So am I breaking one arm patting myself on the back and using the other to give myself a congratulatory handjob?

You're goddamn right.

And do you know what I get in my moment of glory?  Do I get a "G'day mate, so glad yer gonna hump the koala [Australian slang for boarding a plane] and head down under for a visit to Earth's Scranus!"?  No I do not.  No, what I get is people complaining that you have to pay to attend the events.  "$40 to ride with you?  Do I at least get my scranus tickled with that?  You suck!"*  

*(So far, nobody has actually said this.)

Well, I don't know if you realize it, but Australia is far.  Really far.  In fact, it's about as far from my home as I can get without leaving the fucking planet.  Given this, do you know when I'd be visiting Australia if it wasn't for the Melbourne Writers Festival?

Never.  Never, ever, ever.

It's not like I don't want to see Australia--I most certainly do.  It's just that if I actually had the time and money to just fuck off to Australia on a whim, I'd have to be an idiot to actually do it when I could just stay home, ride my bike every day, and spend the airfare on booze.

But now, thanks to the Melbourne Writers Festival, I don't have to make the stupid decision to visit Australia since they're making it for me.  See, they didn't give me the option to stay home, ride my bike, and get drunk.  With them it's come to Australia and be in a festival or you get nothing.  Therefore, it's a no-brainer, and thanks to them I'll actually get to see Australia before I die.

So you're going to complain that they want to charge you a few bucks so they can make my dream of visiting Australia come true?*  You've got some goddamn nerve.

*Disclosure: visiting Australia is not, nor has it ever been, my dream.

Anyway, the point is that I'm really looking forward to this, I'm grateful to the Melbourne Writers Festival, and you should all be ashamed of yourselves.
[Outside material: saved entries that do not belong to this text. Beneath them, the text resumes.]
(* Let $n\ge 3$ and $m\ge 2$ be integers, $C_n$ the cycle on $n$ vertices and $P_m$ the path on $m$ vertices. Then $AT(C_n+_S P_m)=3$.
   Context: For an orientation $D$, a subdigraph is Eulerian if every vertex has equal in- and outdegree in it; $D$ is an AT-orientation if the numbers of Eulerian subgraphs with an even and with an odd number of arcs differ; $AT(G)$ is the smallest $k$ such that $G$ has an AT-orientation of maximum outdegree at most $k-1$. $S(G)$ is obtained from $G$ by subdividing each edge once, with vertex set identified with $V(G)\cup E(G)$. $G+_S H$ has vertex set $(V(G)\cup E(G))\times V(H)$, with $(u_1,u_2)\sim(v_1,v_2)$ iff [$u_1=v_1\in V(G)$ and $u_2v_2\in E(H)$] or [$u_2=v_2$ and $u_1v_1\in E(S(G))$]. *)

(* Simple graphs are symmetric irreflexive relations on a finType. *)
From mathcomp Require Import all_boot.
Set Implicit Arguments. Unset Strict Implicit. Unset Printing Implicit Defensive.

Section Orientations.
Variable T : finType.

Definition is_orientation (e D : rel T) : Prop :=
  (forall x y, e x y = (D x y || D y x)) /\ (forall x y, ~~ (D x y && D y x)).

Definition outdeg (D : rel T) (v : T) : nat := #|[set w | D v w]|.

Definition eulerian (D : rel T) (A : {set T * T}) : bool :=
  [forall p in A, D p.1 p.2] &&
  [forall v, #|[set w | (v, w) \in A]| == #|[set w | (w, v) \in A]|].

Definition n_even_eulerian (D : rel T) : nat :=
  #|[set A : {set T * T} | eulerian D A & ~~ odd #|A|]|.
Definition n_odd_eulerian (D : rel T) : nat :=
  #|[set A : {set T * T} | eulerian D A & odd #|A|]|.

Definition AT_orientation (e D : rel T) : Prop :=
  is_orientation e D /\ n_even_eulerian D <> n_odd_eulerian D.

Definition has_AT (e : rel T) (k : nat) : Prop :=
  exists D : rel T, AT_orientation e D /\ forall v, outdeg D v < k.

Definition AT_number_is (e : rel T) (k : nat) : Prop :=
  has_AT e k /\ forall j, j < k -> ~ has_AT e j.
End Orientations.

Section Subdivision.
Variable V : finType.
Variable e : rel V.

Definition edge_type : Type :=
  {X : {set V} | [exists u, exists v, e u v && (X == [set u; v])]}.

Definition svert : finType := (V + edge_type)%type.

Definition sadj : rel svert := fun a b =>
  match a, b with
  | inl v, inr X => v \in val X
  | inr X, inl v => v \in val X
  | _, _ => false
  end.

Variable W : finType.
Variable h : rel W.

Definition splus_adj : rel (svert * W) := fun a b =>
  (match a.1, b.1 with
   | inl u, inl v => (u == v) && h a.2 b.2
   | _, _ => false
   end)
  || ((a.2 == b.2) && sadj a.1 b.1).
End Subdivision.

Definition cycle_adj (n : nat) : rel (ordinal n) := fun (i j : ordinal n) =>
  (j == (i.+1 %% n) :> nat) || (i == (j.+1 %% n) :> nat).

Definition path_adj (m : nat) : rel (ordinal m) := fun (i j : ordinal m) =>
  (i.+1 == j :> nat) || (j.+1 == i :> nat).

Arguments cycle_adj n : clear implicits.
Arguments path_adj m : clear implicits.
Arguments splus_adj {V} e {W} h.

(* Upper bound: orient every edge of C_n +_S P_m downwards with respect to a
   height function (copy a of V(C_n) at height a, subdivision vertices on top).
   This orientation is acyclic, so its only Eulerian subgraph is the empty one,
   and every vertex has outdegree at most 2.
   Lower bound: every vertex has degree at least 2 and some vertex degree 3, so
   by the handshake identity no orientation has all outdegrees at most 1. *)
From mathcomp Require Import all_boot zify.
Set Implicit Arguments. Unset Strict Implicit. Unset Printing Implicit Defensive.

Section OrientationCounting.
Variable T : finType.
Implicit Types (e D : rel T) (f : T -> nat) (A : {set T * T}).

Definition degree e x : nat := #|[set y | e x y]|.

Definition rank_orient e f : rel T := fun x y => e x y && (f y < f x).

Lemma rank_orient_orientation e f :
  symmetric e -> (forall x y, e x y -> f x != f y) ->
  is_orientation e (rank_orient e f).
Proof.
move=> esym ef; split=> x y; rewrite /rank_orient.
- rewrite (esym y x); case exy: (e x y) => //=.
  by have := ef _ _ exy; lia.
- by apply/negP => /andP[/andP[_ ?] /andP[_ ?]]; lia.
Qed.

Lemma eulerian0 D : eulerian D set0.
Proof.
apply/andP; split; apply/forallP => v; first by rewrite inE.
by rewrite !eq_card0 // => w; rewrite !inE.
Qed.

(* A vertex of maximal rank on an arc of A has an incoming arc, from a vertex
   of even larger rank. *)
Lemma eulerian_rank_decreasing D f A :
  (forall x y, D x y -> f y < f x) -> eulerian D A -> A = set0.
Proof.
move=> Df /andP[/forall_inP AD /forallP bal].
case: (set_0Vmem A) => [//|[p0 Ap0]].
case: (arg_maxnP (fun p : T * T => f p.1) Ap0) => p Ap pmax.
have : 0 < #|[set w | (w, p.1) \in A]|.
  rewrite -(eqP (bal p.1)); apply/card_gt0P; exists p.2.
  by rewrite inE -surjective_pairing.
case/card_gt0P => w; rewrite inE => wA.
by have := Df _ _ (AD _ wA); have := pmax _ wA; rewrite /=; lia.
Qed.

Lemma AT_orientation_rank_decreasing e D f :
  is_orientation e D -> (forall x y, D x y -> f y < f x) -> AT_orientation e D.
Proof.
move=> oD Df; split=> //.
have eul A : eulerian D A = (A == set0).
  by apply/idP/eqP => [|->]; [exact: eulerian_rank_decreasing Df | exact: eulerian0].
rewrite /n_even_eulerian /n_odd_eulerian.
have -> : [set A | eulerian D A & ~~ odd #|A|] = [set set0].
  by apply/setP => A; rewrite !inE eul; case: eqP => // ->; rewrite cards0.
have -> : [set A | eulerian D A & odd #|A|] = set0.
  by apply/setP => A; rewrite !inE eul; case: eqP => // ->; rewrite cards0.
by rewrite cards1 cards0.
Qed.

Lemma sum_degree_orientation e D :
  is_orientation e D -> \sum_x degree e x = 2 * \sum_x outdeg D x.
Proof.
case=> eD antiD.
have cardE (P : pred T) : #|[set y | P y]| = \sum_y (P y : nat).
  by rewrite -sum1dep_card big_mkcond; apply: eq_bigr => y _; case: (P y).
have -> : \sum_x degree e x = \sum_x \sum_y ((D x y : nat) + D y x).
  apply: eq_bigr => x _; rewrite /degree cardE; apply: eq_bigr => y _.
  by rewrite eD; have := antiD x y; case: (D x y); case: (D y x).
under eq_bigr => x _ do rewrite big_split.
rewrite big_split /= [X in _ + X]exchange_big /= mul2n -addnn.
by congr (_ + _); apply: eq_bigr => x _; rewrite /outdeg cardE.
Qed.

(* With outdegrees at most 1 the degree sum would be at most 2|V(G)|. *)
Lemma not_has_AT_lt3 e x0 j :
  (forall x, 2 <= degree e x) -> 3 <= degree e x0 -> j < 3 -> ~ has_AT e j.
Proof.
move=> deg_ge2 deg_x0 j_lt3 [D [[oD _] outD]].
have out_le (x : T) : 2 * outdeg D x <= 2 by have := outD x; lia.
have lt_x0 : 2 * outdeg D x0 < degree e x0 by have := out_le x0; lia.
have le_rest : \sum_(x | x != x0) 2 * outdeg D x <= \sum_(x | x != x0) degree e x.
  by apply: leq_sum => x _; apply: leq_trans (out_le x) (deg_ge2 x).
have := sum_degree_orientation oD.
rewrite big_distrr /= (bigD1 x0) //= [in RHS](bigD1 x0) //= => sumE.
by have := leq_add lt_x0 le_rest; rewrite sumE ltnn.
Qed.

End OrientationCounting.

Section SubdividedSumWithPath.
Variables (V : finType) (e : rel V) (m : nat).
Local Notation vertex := (svert e * 'I_m)%type.
Local Notation SP := (splus_adj e (path_adj m)).

Lemma splus_path_sym : symmetric SP.
Proof.
move=> [[u|X] a] [[v|Y] b]; rewrite /splus_adj /= ?(eq_sym a b) //.
by rewrite !andbF !orbF (eq_sym u v) /path_adj orbC.
Qed.

Definition height (x : vertex) : nat := if x.1 is inl _ then val x.2 else m.

Lemma splus_path_height_neq x y : SP x y -> height x != height y.
Proof.
case: x y => [[u|X] a] [[v|Y] b]; rewrite /splus_adj /height /= ?andbF ?orbF //.
- by rewrite /path_adj => /andP[_ /orP[] /eqP]; lia.
- by have := ltn_ord a; lia.
- by have := ltn_ord b; lia.
Qed.

Lemma outdeg_height_orient x : outdeg (rank_orient SP height) x <= 2.
Proof.
rewrite /outdeg; case: x => [[v|X] a].
- apply: leq_trans (_ : 1 <= 2) => //; apply/card_le1_eqP.
  move=> [[u1|Y1] b1] [[u2|Y2] b2]; rewrite !inE /rank_orient /splus_adj /height /=
    ?andbF ?orbF /path_adj; try by have := ltn_ord a; lia.
  move=> /andP[/andP[/eqP <- ?] ?] /andP[/andP[/eqP <- ?] ?].
  by congr (_, _); apply/val_inj => /=; lia.
- case/existsP: (valP X) => u /existsP[w /andP[_ /eqP defX]].
  apply: leq_trans (card_size [:: (inl u, a); (inl w, a)]).
  apply/subset_leq_card/subsetP => -[[v|Y] b];
    rewrite !inE /rank_orient /splus_adj /height /= ?andbF ?orbF //.
  move=> /andP[/andP[/eqP <-]]; rewrite -[sval X]/(val X) defX !inE.
  by case/orP=> /eqP -> _; rewrite eqxx ?orbT.
Qed.

Lemma splus_path_has_AT3 : has_AT SP 3.
Proof.
exists (rank_orient SP height); split=> [|x]; last exact: outdeg_height_orient.
apply: (AT_orientation_rank_decreasing (f := height)) => [|x y /andP[_ //]].
exact: rank_orient_orientation splus_path_sym splus_path_height_neq.
Qed.

Hypothesis e_irr : irreflexive e.
Hypothesis m_gt1 : 1 < m.

Lemma sedge_subproof u v : e u v ->
  [exists u', exists v', e u' v' && ([set u; v] == [set u'; v'])].
Proof. by move=> euv; apply/existsP; exists u; apply/existsP; exists v; rewrite euv eqxx. Qed.

Definition sedge u v (euv : e u v) : edge_type e := exist _ [set u; v] (sedge_subproof euv).

Lemma path_nbr_subproof (a : 'I_m) : (if a == 0 :> nat then 1 else a.-1) < m.
Proof. by case: ifP => _; have := ltn_ord a; lia. Qed.

Definition path_nbr (a : 'I_m) : 'I_m := Ordinal (path_nbr_subproof a).

Lemma splus_path_nbr v a : SP (inl v, a) (inl v, path_nbr a).
Proof. by rewrite /splus_adj /= eqxx /path_adj /=; case: ifP => /eqP; lia. Qed.

Lemma splus_sedge v w (evw : e v w) a : SP (inl v, a) (inr (sedge evw), a).
Proof. by rewrite /splus_adj /= eqxx !inE eqxx. Qed.

Lemma edge_set_inj v w1 w2 : e v w2 -> [set v; w1] = [set v; w2] -> w1 = w2.
Proof.
move=> evw2 /setP/(_ w2); rewrite !inE eqxx orbT.
by case/orP=> /eqP // w2v; move: evw2; rewrite w2v e_irr.
Qed.

Lemma splus_path_degree_ge2 x : (forall v, 0 < degree e v) -> 2 <= degree SP x.
Proof.
move=> deg_pos; case: x => [[v|X] a].
- case/card_gt0P: (deg_pos v) => w; rewrite inE => evw.
  apply/card_geqP; exists [:: (inl v, path_nbr a); (inr (sedge evw), a)]; split=> //.
  by move=> y; rewrite !inE => /orP[] /eqP ->; [exact: splus_path_nbr | exact: splus_sedge].
- case/existsP: (valP X) => u /existsP[w /andP[euw /eqP defX]].
  apply/card_geqP; exists [:: (inl u, a); (inl w, a)]; split=> //.
    by rewrite /= andbT inE; apply: contraTneq euw => -[->]; rewrite e_irr.
  by move=> y; rewrite !inE => /orP[] /eqP ->;
    rewrite /splus_adj /= eqxx -[sval X]/(val X) defX !inE eqxx ?orbT.
Qed.

Lemma splus_path_degree_ge3 v a : 1 < degree e v -> 3 <= degree SP (inl v, a).
Proof.
case/card_gt1P => w1 [w2 []]; rewrite !inE => evw1 evw2 w12.
apply/card_geqP; exists [:: (inl v, path_nbr a); (inr (sedge evw1), a); (inr (sedge evw2), a)].
split=> //.
- by rewrite /= !inE !andbT; apply: contra w12 => /eqP[] /(edge_set_inj evw2) ->.
- by move=> y; rewrite !inE => /or3P[] /eqP ->;
    [exact: splus_path_nbr | exact: splus_sedge | exact: splus_sedge].
Qed.

Lemma splus_path_not_has_AT_lt3 j :
  0 < #|V| -> (forall v, 1 < degree e v) -> j < 3 -> ~ has_AT SP j.
Proof.
move=> V_gt0 deg_gt1; case/card_gt0P: V_gt0 => v0 _.
have a0 : 'I_m by exists 0; lia.
apply: (not_has_AT_lt3 (x0 := (inl v0, a0))) => [x|]; last exact: splus_path_degree_ge3.
by apply: splus_path_degree_ge2 => v; apply: ltnW.
Qed.

End SubdividedSumWithPath.

Lemma cycle_adj_irreflexive n : 1 < n -> irreflexive (cycle_adj n).
Proof.
move=> n_gt1 u; rewrite /cycle_adj orbb; apply/negbTE/eqP => /=.
have := ltn_ord u; case: (ltngtP u.+1 n) => [u_lt | // | u_eq] _.
- by rewrite modn_small //; lia.
- by rewrite u_eq modnn; lia.
Qed.

Lemma cycle_adj_degree n (u : 'I_n) : 2 < n -> 1 < degree (cycle_adj n) u.
Proof.
move=> n_gt2; have u_lt := ltn_ord u.
have succ_lt : u.+1 %% n < n by apply: ltn_pmod; lia.
have pred_lt : (if u == 0 :> nat then n.-1 else u.-1) < n by case: ifP; lia.
have pred_mod : (if u == 0 :> nat then n.-1 else u.-1).+1 %% n = u.
  case: ifP => /eqP u0; last by rewrite prednK ?modn_small //; lia.
  by rewrite prednK ?modnn ?u0 //; lia.
have succ_mod : u.+1 %% n = if u == n.-1 :> nat then 0 else u.+1.
  case: ifP => /eqP un; last by rewrite modn_small //; lia.
  by rewrite un prednK ?modnn //; lia.
apply/card_gt1P; exists (Ordinal succ_lt), (Ordinal pred_lt).
rewrite !inE /cycle_adj /= pred_mod !eqxx orbT; split=> //.
by apply/eqP => /(congr1 val) /=; rewrite succ_mod; do 2 case: ifP; lia.
Qed.

Theorem corollary3p4 (n m : nat) :
  3 <= n -> 2 <= m ->
  AT_number_is (splus_adj (cycle_adj n) (path_adj m)) 3.
Proof.
move=> n_ge3 m_ge2; split; first exact: splus_path_has_AT3.
move=> j; apply: splus_path_not_has_AT_lt3.
- by apply: cycle_adj_irreflexive; lia.
- exact: m_ge2.
- by rewrite card_ord; lia.
- by move=> u; apply: cycle_adj_degree; lia.
Qed.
By the way, the same goes for people who complain about the ads on this blog.  "Oooh, they blink, I don't like it.  I need a special bike for riding on gravel.  Blah, blah, blah."  Do you understand these people give me money?  If you get one cheap (free) laugh a week off this blog then I say it's all worth it.  You shouldn't be asking me to remove them.  You should be humping the ads with gratitude--and I mean literally mashing your genitals on the screen.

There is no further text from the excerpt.